EXERCISE DETAILS => The answer should be each line from the entries below that has the word "Hexch" in it.

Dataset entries
%%

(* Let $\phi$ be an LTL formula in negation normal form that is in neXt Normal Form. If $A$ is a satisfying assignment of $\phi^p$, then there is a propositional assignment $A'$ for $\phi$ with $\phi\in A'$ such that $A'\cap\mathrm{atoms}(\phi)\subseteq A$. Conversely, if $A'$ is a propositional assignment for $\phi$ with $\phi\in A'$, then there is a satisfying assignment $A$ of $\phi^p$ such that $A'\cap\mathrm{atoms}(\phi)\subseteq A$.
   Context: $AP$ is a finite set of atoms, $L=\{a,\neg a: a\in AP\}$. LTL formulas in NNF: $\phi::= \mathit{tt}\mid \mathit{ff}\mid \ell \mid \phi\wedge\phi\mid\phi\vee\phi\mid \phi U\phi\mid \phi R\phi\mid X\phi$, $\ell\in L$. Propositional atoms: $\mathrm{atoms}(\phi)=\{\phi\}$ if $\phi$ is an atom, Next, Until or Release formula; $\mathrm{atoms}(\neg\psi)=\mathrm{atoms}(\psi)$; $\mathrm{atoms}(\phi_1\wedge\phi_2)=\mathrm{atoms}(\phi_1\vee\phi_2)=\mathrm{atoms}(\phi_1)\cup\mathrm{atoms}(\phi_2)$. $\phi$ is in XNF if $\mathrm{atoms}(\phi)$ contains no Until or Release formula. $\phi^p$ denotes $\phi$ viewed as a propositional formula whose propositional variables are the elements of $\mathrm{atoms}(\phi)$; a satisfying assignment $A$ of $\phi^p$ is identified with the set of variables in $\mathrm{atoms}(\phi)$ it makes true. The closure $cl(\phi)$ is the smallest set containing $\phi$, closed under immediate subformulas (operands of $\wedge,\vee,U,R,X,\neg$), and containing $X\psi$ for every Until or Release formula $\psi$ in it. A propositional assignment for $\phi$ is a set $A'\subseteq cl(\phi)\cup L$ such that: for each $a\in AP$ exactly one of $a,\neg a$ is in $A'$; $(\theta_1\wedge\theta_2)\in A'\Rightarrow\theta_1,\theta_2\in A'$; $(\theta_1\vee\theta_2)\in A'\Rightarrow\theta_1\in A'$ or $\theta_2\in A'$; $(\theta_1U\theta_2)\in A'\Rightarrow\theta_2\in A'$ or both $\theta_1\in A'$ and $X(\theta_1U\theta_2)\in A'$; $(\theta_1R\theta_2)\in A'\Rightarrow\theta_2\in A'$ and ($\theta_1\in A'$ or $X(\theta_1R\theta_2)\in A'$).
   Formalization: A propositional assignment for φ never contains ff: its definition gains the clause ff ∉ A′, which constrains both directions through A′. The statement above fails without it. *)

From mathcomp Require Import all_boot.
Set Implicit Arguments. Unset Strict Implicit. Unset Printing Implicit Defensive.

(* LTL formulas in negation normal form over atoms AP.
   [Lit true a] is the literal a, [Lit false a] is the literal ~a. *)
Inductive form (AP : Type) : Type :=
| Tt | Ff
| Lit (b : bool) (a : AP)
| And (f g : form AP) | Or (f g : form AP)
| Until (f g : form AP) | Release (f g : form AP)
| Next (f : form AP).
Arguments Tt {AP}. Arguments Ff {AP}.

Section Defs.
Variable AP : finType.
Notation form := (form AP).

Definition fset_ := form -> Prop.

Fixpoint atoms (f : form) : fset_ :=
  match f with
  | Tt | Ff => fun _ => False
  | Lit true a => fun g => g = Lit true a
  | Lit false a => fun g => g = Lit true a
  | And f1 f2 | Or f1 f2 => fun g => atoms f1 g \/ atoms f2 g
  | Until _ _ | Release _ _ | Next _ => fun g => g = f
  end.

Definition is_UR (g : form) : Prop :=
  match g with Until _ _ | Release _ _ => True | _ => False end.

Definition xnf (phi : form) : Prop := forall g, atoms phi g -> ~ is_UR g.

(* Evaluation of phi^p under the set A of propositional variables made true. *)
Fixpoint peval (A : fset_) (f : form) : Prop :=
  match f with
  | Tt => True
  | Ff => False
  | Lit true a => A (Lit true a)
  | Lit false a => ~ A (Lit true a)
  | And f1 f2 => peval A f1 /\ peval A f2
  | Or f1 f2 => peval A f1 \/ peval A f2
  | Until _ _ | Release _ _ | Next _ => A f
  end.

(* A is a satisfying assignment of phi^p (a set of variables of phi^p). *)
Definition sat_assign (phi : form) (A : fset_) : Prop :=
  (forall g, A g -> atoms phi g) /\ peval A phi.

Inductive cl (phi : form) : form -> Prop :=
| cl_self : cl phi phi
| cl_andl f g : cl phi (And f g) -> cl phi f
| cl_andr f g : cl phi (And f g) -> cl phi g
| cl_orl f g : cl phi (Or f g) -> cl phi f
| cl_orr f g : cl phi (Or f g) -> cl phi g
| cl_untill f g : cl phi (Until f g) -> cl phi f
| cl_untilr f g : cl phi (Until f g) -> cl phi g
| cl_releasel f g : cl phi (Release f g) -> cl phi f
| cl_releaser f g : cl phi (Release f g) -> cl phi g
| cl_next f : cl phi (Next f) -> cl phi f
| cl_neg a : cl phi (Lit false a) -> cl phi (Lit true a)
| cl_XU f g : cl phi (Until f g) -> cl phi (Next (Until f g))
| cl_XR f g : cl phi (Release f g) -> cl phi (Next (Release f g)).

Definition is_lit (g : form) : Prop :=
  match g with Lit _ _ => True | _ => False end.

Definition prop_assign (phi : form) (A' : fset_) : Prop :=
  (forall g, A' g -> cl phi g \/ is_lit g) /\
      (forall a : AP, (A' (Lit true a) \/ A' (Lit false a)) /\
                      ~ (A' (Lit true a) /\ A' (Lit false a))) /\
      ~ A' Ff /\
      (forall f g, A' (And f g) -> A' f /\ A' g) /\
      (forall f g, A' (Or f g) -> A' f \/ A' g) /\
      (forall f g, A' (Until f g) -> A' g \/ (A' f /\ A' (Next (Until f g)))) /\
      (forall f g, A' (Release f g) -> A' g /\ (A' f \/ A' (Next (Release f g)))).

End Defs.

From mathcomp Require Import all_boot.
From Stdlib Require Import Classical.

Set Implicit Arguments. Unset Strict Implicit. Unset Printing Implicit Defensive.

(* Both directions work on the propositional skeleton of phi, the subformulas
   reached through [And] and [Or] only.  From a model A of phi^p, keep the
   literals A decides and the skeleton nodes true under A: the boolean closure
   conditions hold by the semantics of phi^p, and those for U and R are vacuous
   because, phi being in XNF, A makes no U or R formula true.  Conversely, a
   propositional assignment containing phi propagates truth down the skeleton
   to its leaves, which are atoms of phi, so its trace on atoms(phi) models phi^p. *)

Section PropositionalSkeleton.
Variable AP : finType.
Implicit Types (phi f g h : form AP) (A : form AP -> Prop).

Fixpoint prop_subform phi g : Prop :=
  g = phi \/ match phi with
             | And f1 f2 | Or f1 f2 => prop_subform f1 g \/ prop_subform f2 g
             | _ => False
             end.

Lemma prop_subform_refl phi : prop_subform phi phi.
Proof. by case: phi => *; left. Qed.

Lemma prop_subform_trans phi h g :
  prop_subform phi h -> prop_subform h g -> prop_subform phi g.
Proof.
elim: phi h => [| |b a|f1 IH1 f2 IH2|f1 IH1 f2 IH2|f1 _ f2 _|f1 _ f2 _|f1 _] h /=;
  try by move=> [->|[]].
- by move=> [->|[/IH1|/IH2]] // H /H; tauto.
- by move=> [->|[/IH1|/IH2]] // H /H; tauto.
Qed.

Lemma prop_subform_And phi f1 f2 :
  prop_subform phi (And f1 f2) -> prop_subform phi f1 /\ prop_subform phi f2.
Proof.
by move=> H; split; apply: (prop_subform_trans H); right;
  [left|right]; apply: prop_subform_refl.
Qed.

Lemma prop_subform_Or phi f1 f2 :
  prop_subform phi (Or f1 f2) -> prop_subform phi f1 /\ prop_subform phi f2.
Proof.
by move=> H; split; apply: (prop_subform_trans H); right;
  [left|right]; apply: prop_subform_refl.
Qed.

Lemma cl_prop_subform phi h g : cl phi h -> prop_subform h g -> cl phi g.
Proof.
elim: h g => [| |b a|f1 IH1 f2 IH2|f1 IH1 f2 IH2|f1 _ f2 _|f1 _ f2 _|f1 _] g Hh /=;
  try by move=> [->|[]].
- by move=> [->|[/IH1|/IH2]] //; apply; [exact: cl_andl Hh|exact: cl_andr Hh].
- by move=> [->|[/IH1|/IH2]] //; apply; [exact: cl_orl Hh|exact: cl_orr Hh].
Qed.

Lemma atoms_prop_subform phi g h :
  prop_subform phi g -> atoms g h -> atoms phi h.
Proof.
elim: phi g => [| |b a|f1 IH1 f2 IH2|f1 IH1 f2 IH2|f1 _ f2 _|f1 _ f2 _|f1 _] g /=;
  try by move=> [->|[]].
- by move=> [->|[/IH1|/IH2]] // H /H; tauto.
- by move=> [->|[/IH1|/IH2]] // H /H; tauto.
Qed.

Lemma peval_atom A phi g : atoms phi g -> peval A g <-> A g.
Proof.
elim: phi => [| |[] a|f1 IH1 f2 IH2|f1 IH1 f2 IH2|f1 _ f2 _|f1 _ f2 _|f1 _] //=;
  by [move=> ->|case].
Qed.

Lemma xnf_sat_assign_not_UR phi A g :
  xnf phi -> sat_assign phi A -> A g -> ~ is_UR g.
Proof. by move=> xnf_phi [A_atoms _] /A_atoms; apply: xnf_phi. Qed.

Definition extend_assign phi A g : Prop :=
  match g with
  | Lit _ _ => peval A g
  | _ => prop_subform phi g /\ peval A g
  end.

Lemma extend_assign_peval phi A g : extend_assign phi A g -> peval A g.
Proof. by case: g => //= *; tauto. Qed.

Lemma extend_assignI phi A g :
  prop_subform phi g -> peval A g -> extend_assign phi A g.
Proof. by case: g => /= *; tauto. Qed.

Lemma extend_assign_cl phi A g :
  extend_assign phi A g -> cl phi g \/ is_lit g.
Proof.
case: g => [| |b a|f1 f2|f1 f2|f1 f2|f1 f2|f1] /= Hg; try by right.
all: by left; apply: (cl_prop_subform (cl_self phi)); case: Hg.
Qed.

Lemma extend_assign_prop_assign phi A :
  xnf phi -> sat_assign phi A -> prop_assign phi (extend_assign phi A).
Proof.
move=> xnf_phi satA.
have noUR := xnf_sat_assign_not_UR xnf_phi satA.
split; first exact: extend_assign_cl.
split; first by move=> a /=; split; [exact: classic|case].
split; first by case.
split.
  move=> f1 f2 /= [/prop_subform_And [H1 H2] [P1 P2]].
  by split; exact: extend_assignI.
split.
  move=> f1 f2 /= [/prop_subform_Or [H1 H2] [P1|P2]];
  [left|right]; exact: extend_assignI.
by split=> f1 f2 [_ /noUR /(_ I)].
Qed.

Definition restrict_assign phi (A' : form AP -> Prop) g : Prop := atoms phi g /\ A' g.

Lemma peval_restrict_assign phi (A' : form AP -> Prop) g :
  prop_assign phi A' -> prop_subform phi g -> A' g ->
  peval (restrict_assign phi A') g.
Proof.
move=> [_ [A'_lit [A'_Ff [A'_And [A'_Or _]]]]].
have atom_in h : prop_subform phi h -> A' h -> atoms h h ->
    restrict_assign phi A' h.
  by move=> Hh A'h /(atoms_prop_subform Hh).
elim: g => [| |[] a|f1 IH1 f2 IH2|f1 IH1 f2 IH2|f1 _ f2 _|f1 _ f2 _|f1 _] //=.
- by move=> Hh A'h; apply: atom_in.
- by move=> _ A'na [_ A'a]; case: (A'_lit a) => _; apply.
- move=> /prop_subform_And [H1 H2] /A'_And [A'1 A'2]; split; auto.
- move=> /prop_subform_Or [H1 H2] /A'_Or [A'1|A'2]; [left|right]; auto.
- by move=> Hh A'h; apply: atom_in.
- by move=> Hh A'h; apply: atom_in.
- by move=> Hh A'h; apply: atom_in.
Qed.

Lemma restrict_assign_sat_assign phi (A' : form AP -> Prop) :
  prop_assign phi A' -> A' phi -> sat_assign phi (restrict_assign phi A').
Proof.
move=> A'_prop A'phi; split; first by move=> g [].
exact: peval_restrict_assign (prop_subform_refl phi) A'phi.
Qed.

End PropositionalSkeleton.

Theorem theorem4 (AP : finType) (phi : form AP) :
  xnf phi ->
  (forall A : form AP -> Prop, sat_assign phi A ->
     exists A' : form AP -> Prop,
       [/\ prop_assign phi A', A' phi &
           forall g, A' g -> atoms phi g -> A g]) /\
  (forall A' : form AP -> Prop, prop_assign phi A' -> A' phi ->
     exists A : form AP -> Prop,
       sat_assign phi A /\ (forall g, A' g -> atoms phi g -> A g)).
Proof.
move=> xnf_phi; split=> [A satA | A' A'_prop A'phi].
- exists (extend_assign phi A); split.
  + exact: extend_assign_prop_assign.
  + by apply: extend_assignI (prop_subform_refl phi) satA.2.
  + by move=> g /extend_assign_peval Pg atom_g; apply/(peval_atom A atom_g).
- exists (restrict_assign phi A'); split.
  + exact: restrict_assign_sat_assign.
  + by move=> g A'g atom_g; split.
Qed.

%%
%%

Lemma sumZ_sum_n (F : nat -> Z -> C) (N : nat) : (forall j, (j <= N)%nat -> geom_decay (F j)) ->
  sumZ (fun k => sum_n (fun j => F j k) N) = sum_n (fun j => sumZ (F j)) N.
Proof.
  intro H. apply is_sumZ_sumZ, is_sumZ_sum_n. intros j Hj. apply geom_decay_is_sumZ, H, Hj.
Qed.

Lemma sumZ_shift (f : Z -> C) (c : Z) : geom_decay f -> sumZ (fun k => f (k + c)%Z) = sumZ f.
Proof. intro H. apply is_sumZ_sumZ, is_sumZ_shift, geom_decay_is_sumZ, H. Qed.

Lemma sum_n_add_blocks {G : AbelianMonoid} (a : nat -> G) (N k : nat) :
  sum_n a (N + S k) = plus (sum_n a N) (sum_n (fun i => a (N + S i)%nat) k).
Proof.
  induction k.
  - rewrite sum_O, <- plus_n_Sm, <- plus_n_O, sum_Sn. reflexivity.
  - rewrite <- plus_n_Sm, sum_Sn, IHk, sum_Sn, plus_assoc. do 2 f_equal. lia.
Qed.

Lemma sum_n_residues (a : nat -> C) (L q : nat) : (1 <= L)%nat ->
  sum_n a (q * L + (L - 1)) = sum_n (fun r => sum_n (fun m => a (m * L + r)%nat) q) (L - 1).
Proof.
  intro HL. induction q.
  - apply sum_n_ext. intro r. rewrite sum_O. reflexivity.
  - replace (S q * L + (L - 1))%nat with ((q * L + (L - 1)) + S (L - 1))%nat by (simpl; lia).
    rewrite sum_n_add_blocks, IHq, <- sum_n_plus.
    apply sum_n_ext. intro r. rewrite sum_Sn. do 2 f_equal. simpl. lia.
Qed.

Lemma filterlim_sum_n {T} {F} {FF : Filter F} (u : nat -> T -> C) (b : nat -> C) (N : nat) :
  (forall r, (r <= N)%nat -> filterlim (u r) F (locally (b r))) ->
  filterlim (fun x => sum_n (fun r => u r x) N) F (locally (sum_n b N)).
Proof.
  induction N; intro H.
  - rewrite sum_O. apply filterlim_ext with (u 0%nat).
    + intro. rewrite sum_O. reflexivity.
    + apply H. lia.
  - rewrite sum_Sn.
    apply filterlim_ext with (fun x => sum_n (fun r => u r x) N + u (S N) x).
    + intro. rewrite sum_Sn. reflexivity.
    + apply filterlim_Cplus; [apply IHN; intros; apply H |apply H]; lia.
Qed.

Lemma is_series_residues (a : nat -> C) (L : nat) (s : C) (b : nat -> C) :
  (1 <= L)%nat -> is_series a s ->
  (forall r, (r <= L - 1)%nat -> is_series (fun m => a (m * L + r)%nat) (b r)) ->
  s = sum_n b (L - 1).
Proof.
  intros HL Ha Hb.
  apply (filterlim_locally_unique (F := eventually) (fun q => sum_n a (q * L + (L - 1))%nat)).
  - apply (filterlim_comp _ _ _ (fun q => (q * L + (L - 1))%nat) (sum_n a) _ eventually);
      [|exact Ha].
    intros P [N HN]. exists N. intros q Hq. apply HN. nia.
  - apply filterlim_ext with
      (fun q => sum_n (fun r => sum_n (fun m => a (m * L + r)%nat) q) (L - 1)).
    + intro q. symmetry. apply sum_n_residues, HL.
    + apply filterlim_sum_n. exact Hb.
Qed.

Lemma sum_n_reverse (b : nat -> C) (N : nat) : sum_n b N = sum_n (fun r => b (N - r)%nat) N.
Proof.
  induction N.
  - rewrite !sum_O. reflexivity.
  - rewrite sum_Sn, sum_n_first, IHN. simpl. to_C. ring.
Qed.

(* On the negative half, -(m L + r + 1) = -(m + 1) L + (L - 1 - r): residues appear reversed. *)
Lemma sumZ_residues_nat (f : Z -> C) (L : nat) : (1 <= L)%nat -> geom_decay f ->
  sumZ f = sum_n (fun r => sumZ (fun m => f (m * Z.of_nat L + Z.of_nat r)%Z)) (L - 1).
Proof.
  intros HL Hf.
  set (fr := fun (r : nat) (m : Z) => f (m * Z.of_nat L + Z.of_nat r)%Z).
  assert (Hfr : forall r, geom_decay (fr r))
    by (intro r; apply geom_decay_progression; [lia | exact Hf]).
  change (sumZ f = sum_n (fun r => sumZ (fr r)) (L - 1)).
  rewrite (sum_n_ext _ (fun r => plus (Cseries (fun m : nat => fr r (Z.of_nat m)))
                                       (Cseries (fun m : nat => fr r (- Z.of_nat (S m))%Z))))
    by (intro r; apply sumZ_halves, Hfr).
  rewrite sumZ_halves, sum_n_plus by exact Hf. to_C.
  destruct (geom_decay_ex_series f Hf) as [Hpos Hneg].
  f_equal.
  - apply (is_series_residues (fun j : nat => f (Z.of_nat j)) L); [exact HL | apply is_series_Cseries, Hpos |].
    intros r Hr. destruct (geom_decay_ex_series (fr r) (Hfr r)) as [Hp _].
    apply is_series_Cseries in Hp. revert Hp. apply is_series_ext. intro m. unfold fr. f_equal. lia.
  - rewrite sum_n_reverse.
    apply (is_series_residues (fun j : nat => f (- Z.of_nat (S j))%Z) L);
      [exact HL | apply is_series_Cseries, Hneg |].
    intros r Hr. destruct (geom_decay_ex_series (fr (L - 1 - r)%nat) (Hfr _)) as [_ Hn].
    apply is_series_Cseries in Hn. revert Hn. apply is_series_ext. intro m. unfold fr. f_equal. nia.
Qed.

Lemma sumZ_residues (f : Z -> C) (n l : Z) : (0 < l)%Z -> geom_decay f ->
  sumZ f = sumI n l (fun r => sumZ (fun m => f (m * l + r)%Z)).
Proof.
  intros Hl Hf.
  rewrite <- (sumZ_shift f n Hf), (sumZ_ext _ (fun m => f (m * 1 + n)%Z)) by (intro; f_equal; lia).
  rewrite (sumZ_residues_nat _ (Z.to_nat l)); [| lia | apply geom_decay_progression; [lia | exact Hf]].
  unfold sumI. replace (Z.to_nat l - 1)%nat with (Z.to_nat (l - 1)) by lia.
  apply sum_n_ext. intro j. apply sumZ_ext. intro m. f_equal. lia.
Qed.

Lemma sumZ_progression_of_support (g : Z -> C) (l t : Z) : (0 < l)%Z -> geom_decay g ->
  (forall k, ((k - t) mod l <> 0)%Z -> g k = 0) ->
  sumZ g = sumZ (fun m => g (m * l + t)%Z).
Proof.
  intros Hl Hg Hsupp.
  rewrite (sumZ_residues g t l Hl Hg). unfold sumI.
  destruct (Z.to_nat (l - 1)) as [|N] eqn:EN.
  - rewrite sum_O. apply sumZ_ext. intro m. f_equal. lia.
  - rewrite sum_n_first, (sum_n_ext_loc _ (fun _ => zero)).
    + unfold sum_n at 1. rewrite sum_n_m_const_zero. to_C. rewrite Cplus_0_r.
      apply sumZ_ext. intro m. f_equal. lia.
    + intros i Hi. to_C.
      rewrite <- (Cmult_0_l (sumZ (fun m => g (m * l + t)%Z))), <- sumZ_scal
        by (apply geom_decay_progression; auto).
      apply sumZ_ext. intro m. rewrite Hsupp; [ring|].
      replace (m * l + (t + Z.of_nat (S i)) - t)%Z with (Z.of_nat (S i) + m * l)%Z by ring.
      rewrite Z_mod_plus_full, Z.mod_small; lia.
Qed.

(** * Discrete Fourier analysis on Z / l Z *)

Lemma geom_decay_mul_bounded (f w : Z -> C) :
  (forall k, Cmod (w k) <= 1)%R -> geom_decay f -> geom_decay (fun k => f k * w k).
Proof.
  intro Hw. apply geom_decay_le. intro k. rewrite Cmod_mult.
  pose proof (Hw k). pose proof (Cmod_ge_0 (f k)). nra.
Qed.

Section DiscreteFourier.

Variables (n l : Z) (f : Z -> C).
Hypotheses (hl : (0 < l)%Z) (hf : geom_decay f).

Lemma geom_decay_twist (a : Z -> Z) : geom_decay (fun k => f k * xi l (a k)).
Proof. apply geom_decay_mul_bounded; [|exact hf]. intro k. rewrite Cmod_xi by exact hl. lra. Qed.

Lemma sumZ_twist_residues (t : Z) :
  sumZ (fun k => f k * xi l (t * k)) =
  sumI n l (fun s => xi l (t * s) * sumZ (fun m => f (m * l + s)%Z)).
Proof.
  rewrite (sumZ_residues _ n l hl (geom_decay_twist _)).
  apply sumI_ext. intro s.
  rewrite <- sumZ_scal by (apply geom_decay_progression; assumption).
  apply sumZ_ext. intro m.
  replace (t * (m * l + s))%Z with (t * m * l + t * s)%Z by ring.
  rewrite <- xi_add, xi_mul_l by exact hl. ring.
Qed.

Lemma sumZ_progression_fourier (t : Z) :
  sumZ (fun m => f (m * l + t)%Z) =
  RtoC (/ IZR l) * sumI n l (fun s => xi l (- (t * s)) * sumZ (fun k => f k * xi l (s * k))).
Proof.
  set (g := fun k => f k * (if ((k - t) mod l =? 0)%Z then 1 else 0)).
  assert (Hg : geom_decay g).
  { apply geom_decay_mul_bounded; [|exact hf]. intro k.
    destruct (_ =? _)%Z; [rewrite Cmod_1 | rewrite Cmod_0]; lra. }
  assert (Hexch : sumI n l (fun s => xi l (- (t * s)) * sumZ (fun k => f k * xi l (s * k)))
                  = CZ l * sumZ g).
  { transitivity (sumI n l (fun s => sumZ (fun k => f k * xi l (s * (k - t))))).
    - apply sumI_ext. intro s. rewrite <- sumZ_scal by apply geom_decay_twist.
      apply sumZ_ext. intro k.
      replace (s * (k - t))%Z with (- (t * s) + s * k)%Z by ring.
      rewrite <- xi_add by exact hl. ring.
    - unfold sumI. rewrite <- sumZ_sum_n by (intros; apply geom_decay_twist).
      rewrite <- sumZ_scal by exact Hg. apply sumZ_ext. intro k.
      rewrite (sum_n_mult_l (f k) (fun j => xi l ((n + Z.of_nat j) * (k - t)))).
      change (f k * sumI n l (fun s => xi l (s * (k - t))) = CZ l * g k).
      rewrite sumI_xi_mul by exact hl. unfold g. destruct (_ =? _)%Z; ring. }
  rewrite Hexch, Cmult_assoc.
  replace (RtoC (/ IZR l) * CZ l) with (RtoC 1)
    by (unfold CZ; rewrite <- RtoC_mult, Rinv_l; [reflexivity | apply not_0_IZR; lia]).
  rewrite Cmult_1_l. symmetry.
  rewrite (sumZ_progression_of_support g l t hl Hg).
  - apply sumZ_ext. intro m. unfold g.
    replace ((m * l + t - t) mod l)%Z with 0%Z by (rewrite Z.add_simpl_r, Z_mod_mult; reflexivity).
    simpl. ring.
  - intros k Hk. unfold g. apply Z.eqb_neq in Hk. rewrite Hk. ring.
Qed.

%%

EXERCISE SOLUTION =>
  assert (Hexch : sumI n l (fun s => xi l (- (t * s)) * sumZ (fun k => f k * xi l (s * k)))
  rewrite Hexch, Cmult_assoc.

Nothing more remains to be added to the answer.